- VHS cover
- Directed by: Roger Christian
- Written by: Roger Christian Matthew Jacobs
- Produced by: Michael Guest
- Starring: John Tarrant Deep Roy Donogh Rees Cassandra Webb
- Cinematography: John Metcalfe
- Edited by: Derek Trigg
- Music by: Tony Banks
- Production company: Associated-Rediffusion
- Distributed by: Lorca Films (United Kingdom)
- Release date: 14 December 1984 (Australia);
- Running time: 84 minutes
- Countries: United Kingdom Australia
- Language: English
- Budget: $1.5 million

= Starship (film) =

Starship, also known as Lorca and the Outlaws, and 2084, is a 1984 science fiction film directed by Roger Christian from a screenplay by Christian and Matthew Jacobs, and starring John Tarrant, Deep Roy, Donogh Rees, and Cassandra Webb. The music for the film was written by Tony Banks of Genesis.

==Plot==

On the remote mining planet Ordessa, the management uses killer military police androids to crack down on workers upset with the terrible conditions. Lorca (John Tarrant) and his mother Abbie (Donogh Rees) led the human underground resistance movement until Abbie was killed by androids. Now, Lorca and Suzi (Cassandra Webb) battle Captain Jowitt (Ralph Cotterill) and the brutal bounty hunter Danny (Hugh Keays-Byrne), with the help of the friendly android Kid (Deep Roy).

==Cast==
- John Tarrant as Lorca
- Deep Roy as Kid
- Donogh Rees as Abbie
- Cassandra Webb as Suzi
- Ralph Cotterill as Captain Jewitt
- Hugh Keays-Byrne as Danny
- Joy Smithers as Lena
- Tyler Coppin as Detective Droid
- James Steele as MP Droid
- Arky Michael as Dylan
- John Rees as Priest
- Rebekah Elmaloglou as Little Girl

==Production==
Following the tumultuous production of The Sender for Paramount Pictures, Roger Christian decided to produce his next film independently.

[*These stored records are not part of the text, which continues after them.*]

(* Let $k\geq 2$ and let $a,b$ be positive integers with $a\geq k-1$ and $b\geq a-k+3$. Then the rooted $k$-hypergraph $\mathcal{T}=\mathcal{T}(a,b,k)$ (defined in the context) is balanced: for every nonempty set $S$ of non-root vertices of $\mathcal{T}$, $\frac{\epsilon(S)}{|S|}\geq \frac{b}{a}$, where $\epsilon(S)$ is the number of edges of $\mathcal{T}$ containing at least one vertex of $S$ (note $b/a=\epsilon(U-R)/|U-R|$ where $U-R$ is the set of all non-roots).
   Context: The rooted $k$-hypergraph $\mathcal{T}(a,b,k)$: its non-root vertices are $v_1,\dots,v_a$ (in this order); for $1\leq j\leq a-k+1$, $\{v_j,\dots,v_{j+k-1}\}$ is an edge. For $1\leq j\leq a-k+2$, call $\{v_j,\dots,v_{j+k-2}\}$ the $j$-th $(k-1)$-set. Its roots are $\rho_1,\dots,\rho_{b-a+k-1}$ (set $R$), and for each $i$ there is an edge consisting of $\rho_i$ together with the $m_i$-th $(k-1)$-set, where $m_i=\left\lfloor 1+\frac{(i-1)(a-k+2)}{b-a+k-2}\right\rfloor$ for $1\leq i\leq b-a+k-2$ and $m_{b-a+k-1}=a-k+2$. These are all the edges, so $\mathcal{T}$ has exactly $b$ edges. A rooted $k$-hypergraph with vertex set $U$ and root set $R$ is balanced if every nonempty $S\subseteq U-R$ satisfies $\epsilon(S)/|S|\geq \epsilon(U-R)/|U-R|$. *)

From mathcomp Require Import all_boot all_order all_algebra.
Set Implicit Arguments. Unset Strict Implicit. Unset Printing Implicit Defensive.
Import Order.TTheory GRing.Theory Num.Theory.

(* A rooted hypergraph on a finite vertex type V is given by its root set R
   and its list of edges E (a list, so edges are counted with multiplicity).
   The non-roots are ~: R. *)

Definition eps (V : finType) (E : seq {set V}) (S : {set V}) : nat :=
  count (fun e : {set V} => ~~ [disjoint e & S]) E.

Definition balanced (V : finType) (R : {set V}) (E : seq {set V}) : Prop :=
  forall S : {set V}, S \subset ~: R -> S != set0 ->
    ((eps E (~: R))%:R / #|~: R|%:R <= (eps E S)%:R / #|S|%:R :> rat)%R.

(* Non-root v_{x+1} is [inl x] for x : 'I_a (0-indexed);
   root rho_{i+1} is [inr i] for i : 'I_(nroots a b k). *)

Definition nroots (a b k : nat) : nat := (b + k) - (a + 1).

Definition Tvert (a b k : nat) : finType := ('I_a + 'I_(nroots a b k))%type.

(* m_i for 1 <= i <= b-a+k-1 (1-indexed i). *)
Definition mT (a b k i : nat) : nat :=
  if i <= (b + k) - (a + 2) then
    1 + ((i - 1) * ((a + 2) - k)) %/ ((b + k) - (a + 2))
  else (a + 2) - k.

(* the j-th (k-1)-set {v_j, ..., v_{j+k-2}} (1-indexed j) *)
Definition kset (a b k j : nat) : {set Tvert a b k} :=
  [set v : Tvert a b k |
     if v is inl x then (j - 1 <= x) && (x < j - 1 + (k - 1)) else false].

(* path edge {v_j, ..., v_{j+k-1}} (1-indexed j, 1 <= j <= a-k+1) *)
Definition pedge (a b k j : nat) : {set Tvert a b k} :=
  [set v : Tvert a b k |
     if v is inl x then (j - 1 <= x) && (x < j - 1 + k) else false].

(* root edge {rho_i} u (m_i-th (k-1)-set), with i 1-indexed *)
Definition redge (a b k : nat) (i : 'I_(nroots a b k)) : {set Tvert a b k} :=
  (inr i : Tvert a b k) |: kset a b k (mT a b k i.+1).

Definition Troots (a b k : nat) : {set Tvert a b k} :=
  [set v : Tvert a b k | if v is inr _ then true else false].

Definition Tedges (a b k : nat) : seq {set Tvert a b k} :=
  [seq pedge a b k j | j <- iota 1 ((a + 1) - k)] ++
  [seq redge i | i <- enum 'I_(nroots a b k)].

From mathcomp Require Import all_boot all_order all_algebra.
Import Order.TTheory GRing.Theory Num.Theory.
From mathcomp Require Import zify.

(* Lay the non-roots v_1, ..., v_a side by side as unit cells of the segment
   [0, a), and cut the same segment into b cells of length a/b, one per edge.
   If the edges are put in the right order (path edges and root edges merged
   according to where their vertex sets start), the cell of every edge lies
   within the span of its vertex set.  The unit cell of a vertex of S is then
   covered by cells of edges meeting S, whence |S| <= (a/b) eps(S).  In
   integers: the pairs (x, s) with x in S and s < b correspond injectively,
   through x * b + s = sigma * a + r, to pairs (edge in slot sigma, r < a),
   and that edge meets S. *)

Lemma count_nth_card {T : Type} (x0 : T) {p : pred T} {s : seq T} {n : nat} :
  size s = n -> count p s = #|[set q : 'I_n | p (nth x0 s q)]|.
Proof. by move=> <-; rewrite -sum1_count (big_nth x0) big_mkord sum1dep_card. Qed.

Lemma card_preimset_sub_imset {aT rT : finType} {f : aT -> rT} {S : {set rT}} :
  injective f -> S \subset f @: [set: aT] -> #|f @^-1: S| = #|S|.
Proof.
move=> f_inj /subsetP Sf; rewrite -(card_imset _ f_inj).
apply: eq_card => y; apply/imsetP/idP => [[x] | yS]; first by rewrite inE => ? ->.
by have /imsetP[x _ y_fx] := Sf y yS; exists x; rewrite // inE -y_fx.
Qed.

Lemma ler_nat_ratio (R : numFieldType) (m n p q : nat) : 0 < n -> 0 < q ->
  m * q <= p * n -> (m%:R / n%:R <= p%:R / q%:R :> R)%R.
Proof.
move=> n_gt0 q_gt0 le_mqpn.
by rewrite ler_pdivrMr ?ltr0n // mulrAC ler_pdivlMr ?ltr0n // -!natrM ler_nat.
Qed.

Lemma cell_overlap_interval (a n s l h x u : nat) :
  l * n <= s * a -> s.+1 * a <= h * n ->
  x * n <= u < x.+1 * n -> s * a <= u < s.+1 * a -> l <= x < h.
Proof.
move=> lo_s s_hi /andP[xu ux] /andP[su us].
have /andP[_ lx] : (0 < n) && (l < x.+1) by rewrite -ltn_mul2r; lia.
have /andP[_ xh] : (0 < n) && (x < h) by rewrite -ltn_mul2r; lia.
by rewrite -ltnS lx xh.
Qed.

Section SlotCount.

Context {a n : nat} {F : 'I_n -> {set 'I_a}} {slot : 'I_n -> 'I_n}.
Hypothesis slot_inj : injective slot.
Hypothesis slot_cover : forall q (x : 'I_a) u,
  x * n <= u < x.+1 * n -> slot q * a <= u < (slot q).+1 * a -> x \in F q.

Lemma slot_count (S : {set 'I_a}) :
  n * #|S| <= a * #|[set q | ~~ [disjoint F q & S]]|.
Proof.
pose pos (p : 'I_a * 'I_n) := p.1 * n + p.2.
have pos_div_lt p : pos p %/ a < n.
  by move: (ltn_ord p.1) (ltn_ord p.2) => ? ?; rewrite ltn_divLR /pos; nia.
have pos_mod_lt p : pos p %% a < a by apply: ltn_pmod; move: (ltn_ord p.1); lia.
pose g p := (invF slot_inj (Ordinal (pos_div_lt p)), Ordinal (pos_mod_lt p)).
have slot_g p : slot (g p).1 = pos p %/ a :> nat by rewrite /= f_invF.
have g_inj : injective g.
  move=> [x1 s1] [x2 s2] [/(congr1 slot)] /(congr1 val).
  rewrite !f_invF /= => e_div e_mod.
  have e_pos : x1 * n + s1 = x2 * n + s2.
    by rewrite (divn_eq (x1 * n + s1) a) (divn_eq (x2 * n + s2) a) e_div e_mod.
  have e_x : x1 = x2 :> nat by move: (ltn_ord s1) (ltn_ord s2); nia.
  by congr pair; apply: val_inj => //=; lia.
set Q := [set q | _].
have gSQ : g @: setX S [set: 'I_n] \subset setX Q [set: 'I_a].
  apply/subsetP => _ /imsetP[[x s] + ->]; rewrite !inE !andbT /= => xS.
  have xF : x \in F (g (x, s)).1.
    apply: (slot_cover _ _ (pos (x, s))).
      by move: (ltn_ord s); rewrite /pos /=; lia.
    by rewrite slot_g leq_divM ltn_ceil //; move: (ltn_ord x); lia.
  by apply/negP => /disjointFr/(_ xF); rewrite xS.
move/subset_leq_card: gSQ; rewrite (card_imset _ g_inj) !cardsX !cardsT !card_ord.
by rewrite mulnC [a * _]mulnC.
Qed.

End SlotCount.

(* Edges are numbered from 0: first the path edges {v_(q+1), ..., v_(q+k)}
   for q < M - 1, then the root edges q = M - 1 + i, 0 <= i <= D, where
   M = a - k + 2 counts the (k-1)-sets, D = b - a + k - 2 and K = k - 2, so
   that a = M + K and b = M + D.  Root edge i < D starts at vertex i * M / D,
   the last one (i = D) at M - 1.  Path edge q precedes root edge i iff
   (q + 1) * D <= i * M; in the slot q + c of a path edge, c counts the root
   edges before it, and in the slot i + t of a root edge, t counts the path
   edges before it. *)
Definition slot M D q :=
  if q < M.-1 then q + (q.+1 * D + M.-1) %/ M
  else if q - M.-1 < D then (q - M.-1) + (q - M.-1) * M %/ D
  else (M + D).-1.

Definition first_vertex M D q :=
  if q < M.-1 then q
  else if q - M.-1 < D then (q - M.-1) * M %/ D
  else M.-1.

Definition end_vertex M D K q :=
  first_vertex M D q + (if q < M.-1 then K.+2 else K.+1).

Variant slot_spec M D K q : nat -> nat -> nat -> Prop :=
| PathSlot c of q.+1 < M & q.+1 * D <= c * M < q.+1 * D + M :
    slot_spec M D K q (q + c) q (q + K.+2)
| RootSlot i t of q = M.-1 + i & i < D & t * D <= i * M < t * D + D :
    slot_spec M D K q (i + t) t (t + K.+1)
| LastSlot of q = M.-1 + D :
    slot_spec M D K q (M + D).-1 M.-1 (M.-1 + K.+1).

Section Slots.

Context {M D K : nat}.
Hypotheses (M_gt0 : 0 < M) (D_gt0 : 0 < D).

Lemma slotP q : q < M + D ->
  slot_spec M D K q (slot M D q) (first_vertex M D q) (end_vertex M D K q).
Proof.
rewrite /end_vertex /first_vertex /slot; case: ifP => [q_path | q_root] q_lt.
  apply: PathSlot; first lia.
  by move: (leq_divM (q.+1 * D + M.-1) M) (ltn_ceil (q.+1 * D + M.-1) M_gt0); lia.
case: ifP => [i_lt | q_last]; last by apply: LastSlot; lia.
apply: RootSlot => //; first lia.
by move: (leq_divM ((q - M.-1) * M) D) (ltn_ceil ((q - M.-1) * M) D_gt0); lia.
Qed.

Lemma slot_spec_lt {q s l h} : slot_spec M D K q s l h -> s < M + D.
Proof. by case=> [c ? ? | i t ? ? ? | ]; nia. Qed.

Lemma path_root_slot_neq {q c i t} :
  q.+1 * D <= c * M < q.+1 * D + M -> t * D <= i * M < t * D + D ->
  q + c != i + t.
Proof.
move=> /andP[qc cq] /andP[ti it]; apply/eqP.
case: (leqP (q.+1 * D) (i * M)) => [qi | iq].
- have : c < i.+1 by rewrite -(ltn_pmul2r M_gt0); lia.
  have : q.+1 < t.+1 by rewrite -(ltn_pmul2r D_gt0); lia.
  lia.
- have : i < c by rewrite -(ltn_pmul2r M_gt0); lia.
  have : t < q.+1 by rewrite -(ltn_pmul2r D_gt0); lia.
  lia.
Qed.

Lemma slot_spec_inj {q1 q2 s1 s2 l1 l2 h1 h2} :
  slot_spec M D K q1 s1 l1 h1 -> slot_spec M D K q2 s2 l2 h2 -> s1 = s2 ->
  q1 = q2.
Proof.
case=> [c1 ? c1P | i1 t1 -> ? t1P | ->] [c2 ? c2P | i2 t2 -> ? t2P | ->] e_s;
  try nia.
- by move: (path_root_slot_neq c1P t2P); rewrite e_s eqxx.
- by move: (path_root_slot_neq c2P t1P); rewrite e_s eqxx.
Qed.

Lemma slot_spec_cover {q s l h} : slot_spec M D K q s l h ->
  l * (M + D) <= s * (M + K) /\ s.+1 * (M + K) <= h * (M + D).
Proof.
case=> [c q_lt /andP[qc cq] | i t _ i_lt /andP[ti it] | _]; last by split; nia.
- have c_le : c <= D by nia.
  by split; nia.
- have t_lt : t < M by nia.
  by split; nia.
Qed.

End Slots.

Section Hypergraph.

Context {a b k : nat}.
Hypotheses (k_ge2 : 2 <= k) (a_ge : k - 1 <= a) (b_ge : a + 3 <= b + k).

Let M := a + 2 - k.
Let D := b + k - (a + 2).
Let K := k - 2.

Lemma setC_Troots : ~: Troots a b k = inl @: [set: 'I_a].
Proof.
apply/setP => [[x | i]]; rewrite !inE; first by rewrite imset_f.
by apply/esym/imsetP => -[].
Qed.

Lemma size_Tedges : size (Tedges a b k) = b.
Proof. by rewrite size_cat !size_map size_iota -enumT size_enum_ord /nroots; lia. Qed.

Lemma mem_Tedges q (x : 'I_a) : q < b ->
  (inl x \in nth set0 (Tedges a b k) q) =
  (first_vertex M D q <= x < end_vertex M D K q).
Proof.
move=> q_lt; rewrite /Tedges; have -> : a + 1 - k = M.-1 by rewrite /M; lia.
rewrite nth_cat size_map size_iota /end_vertex /first_vertex.
case: ifP => q_path.
  rewrite (nth_map 0) ?size_iota // nth_iota // inE add1n subSS subn0.
  by have -> : K.+2 = k by rewrite /K; lia.
have i_lt : q - M.-1 < nroots a b k by rewrite /nroots /M; lia.
rewrite (nth_map (Ordinal i_lt)) ?size_enum_ord; last by rewrite /nroots /M; lia.
have -> : nth (Ordinal i_lt) (enum 'I_(nroots a b k)) (q - M.-1) = Ordinal i_lt.
  by apply: val_inj; rewrite /= nth_enum_ord.
rewrite /redge in_setU1 /= inE /mT -/M -/D add1n subSS subn0.
have -> : k - 1 = K.+1 by rewrite /K; lia.
by case: ifP => //; rewrite subn1.
Qed.

Lemma Tedges_eps_lb (S : {set Tvert a b k}) : S \subset ~: Troots a b k ->
  b * #|S| <= a * eps (Tedges a b k) S.
Proof.
move=> S_nonroots.
have M_gt0 : 0 < M by rewrite /M; lia.
have D_gt0 : 0 < D by rewrite /D; lia.
have b_eq : M + D = b by rewrite /M /D; lia.
have a_eq : M + K = a by rewrite /M /K; lia.
have q_lt (q : 'I_b) : q < M + D by rewrite b_eq.
have Tslot_spec (q : 'I_b) := slotP (K := K) M_gt0 D_gt0 q (q_lt q).
have slot_lt (q : 'I_b) : slot M D q < b.
  by have := slot_spec_lt M_gt0 D_gt0 (Tslot_spec q); rewrite b_eq.
pose sl q := Ordinal (slot_lt q).
have sl_inj : injective sl.
  move=> q1 q2 /(congr1 val) e_slot; apply: val_inj.
  exact: (slot_spec_inj M_gt0 D_gt0 (Tslot_spec q1) (Tslot_spec q2) e_slot).
pose F (q : 'I_b) := inl @^-1: nth set0 (Tedges a b k) q.
have sl_cover q (x : 'I_a) u :
    x * b <= u < x.+1 * b -> sl q * a <= u < (sl q).+1 * a -> x \in F q.
  have [lo_slot slot_hi] := slot_spec_cover M_gt0 D_gt0 (Tslot_spec q).
  rewrite a_eq b_eq in lo_slot slot_hi.
  move=> xu su; rewrite inE mem_Tedges //.
  exact: cell_overlap_interval lo_slot slot_hi xu su.
have := slot_count sl_inj sl_cover (inl @^-1: S).
rewrite (card_preimset_sub_imset inl_inj) -?setC_Troots // => /leq_trans; apply.
rewrite leq_mul2l /eps (count_nth_card set0 size_Tedges); apply/orP; right.
apply/subset_leq_card/subsetP => q; rewrite !inE -!setI_eq0 -preimsetI.
by apply: contra => /eqP->; rewrite preimset0.
Qed.

End Hypergraph.

Theorem lemma3 (k a b : nat) :
  2 <= k -> 0 < a -> 0 < b -> k - 1 <= a -> a + 3 <= b + k ->
  balanced (Troots a b k) (Tedges a b k) /\
  (forall S : {set Tvert a b k}, S \subset ~: Troots a b k -> S != set0 ->
     (b%:R / a%:R <= (eps (Tedges a b k) S)%:R / #|S|%:R :> rat)%R).
Proof.
move=> k_ge2 a_gt0 _ a_ge b_ge.
have density_lb (S : {set Tvert a b k}) : S \subset ~: Troots a b k -> S != set0 ->
    (b%:R / a%:R <= (eps (Tedges a b k) S)%:R / #|S|%:R :> rat)%R.
  move=> S_nonroots S_n0; apply: ler_nat_ratio => //; first by rewrite card_gt0.
  by rewrite [_ * a]mulnC; apply: Tedges_eps_lb.
have card_nonroots : #|~: Troots a b k| = a.
  by rewrite setC_Troots card_imset ?cardsT ?card_ord //; apply: inl_inj.
have eps_nonroots : eps (Tedges a b k) (~: Troots a b k) = b.
  apply/eqP; rewrite eqn_leq; apply/andP; split.
    by rewrite -[X in _ <= X](size_Tedges k_ge2 a_ge b_ge) count_size.
  rewrite -(leq_pmul2l a_gt0) -{1}card_nonroots mulnC.
  exact: Tedges_eps_lb.
split=> // S S_nonroots S_n0.
by rewrite eps_nonroots card_nonroots; apply: density_lb.
Qed.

Christian wrote the movie alongside Matthew Jacobs under the title 2084 as an unofficial update on 1984 by George Orwell except with a lighter tone and an emphasis on action and adventure, with a stylistic approach inspired by Bertrand Tavernier's Death Watch and Jean-Luc Godard's Alphaville. During production Christian received an offer to handle second-unit direction of Ridley Scott's Legend, but turned it down to focus on completing the film.

The film was initially intended to be filmed in Sweden, but the location was changed to Sydney, Australia so the crew could make use of a docked battleship Christian had obtained permission to use for the interiors of the Redwing starship. However, despite relocating production to Australia, Christian only went on board the battleship once meaning alternative sets had to be built or found as the budget was fixed and required paring down certain scenes to accommodate. The majority of filming was done at Mount Newman, a mining community in Western Australia that allowed the production to use the mine and some of the equipment as the management thought it would make a good diversion for their workforce. George Miller tried to secure Deep Roy to play The Master in Mad Max Beyond Thunderdome, but Deep Roy had to turn down the role as he was already contracted to be in Starship.

==Release==
The film was released in the United States on March 21, 1987.

==Reception==
Varietys Don Groves wrote "Model work and other special effects are unremarkable by "Star Wars", "Alien", and "Star Trek" standards, and acting by humans and robots alike is uniformly mechanical." M.J. Simpson, a British journalist who specialises in reviewing science fiction films, called Lorca and the Outlaws a "sub-sub-Star Wars piece of semi-juvenile rubbish which is nothing more than a scrappily assembled mishmash of clichés and lazy film-making." The Atlanta Journal-Constitution concurred, calling it "a low-rent, Anglo-Australian rip-off" of Star Wars (1977). The Eastern Evening News' Tim Smith said it is "a sci-fi film that fails to hold the attention because the action is tame and the special effects routine". The Oregonian's Ted Mahar gave it 2 stars and writes ""Starship," probably would have wowed 'em eight or nine years ago. Now it's just a film with good, murky photography, clever sets and models, and a basic, almost generic tale of young idealists against older tyrants." John A. Douglas of The Grand Rapids Press concludes ""Starship" is simply a disappointing film as it looks like a lot of time and money went into the look of the film, but content was short changed."

==Awards and honours==
Starship was nominated for an International Fantasy Film Award, in the "Best Film" category, at the Fantasporto film festival in 1987.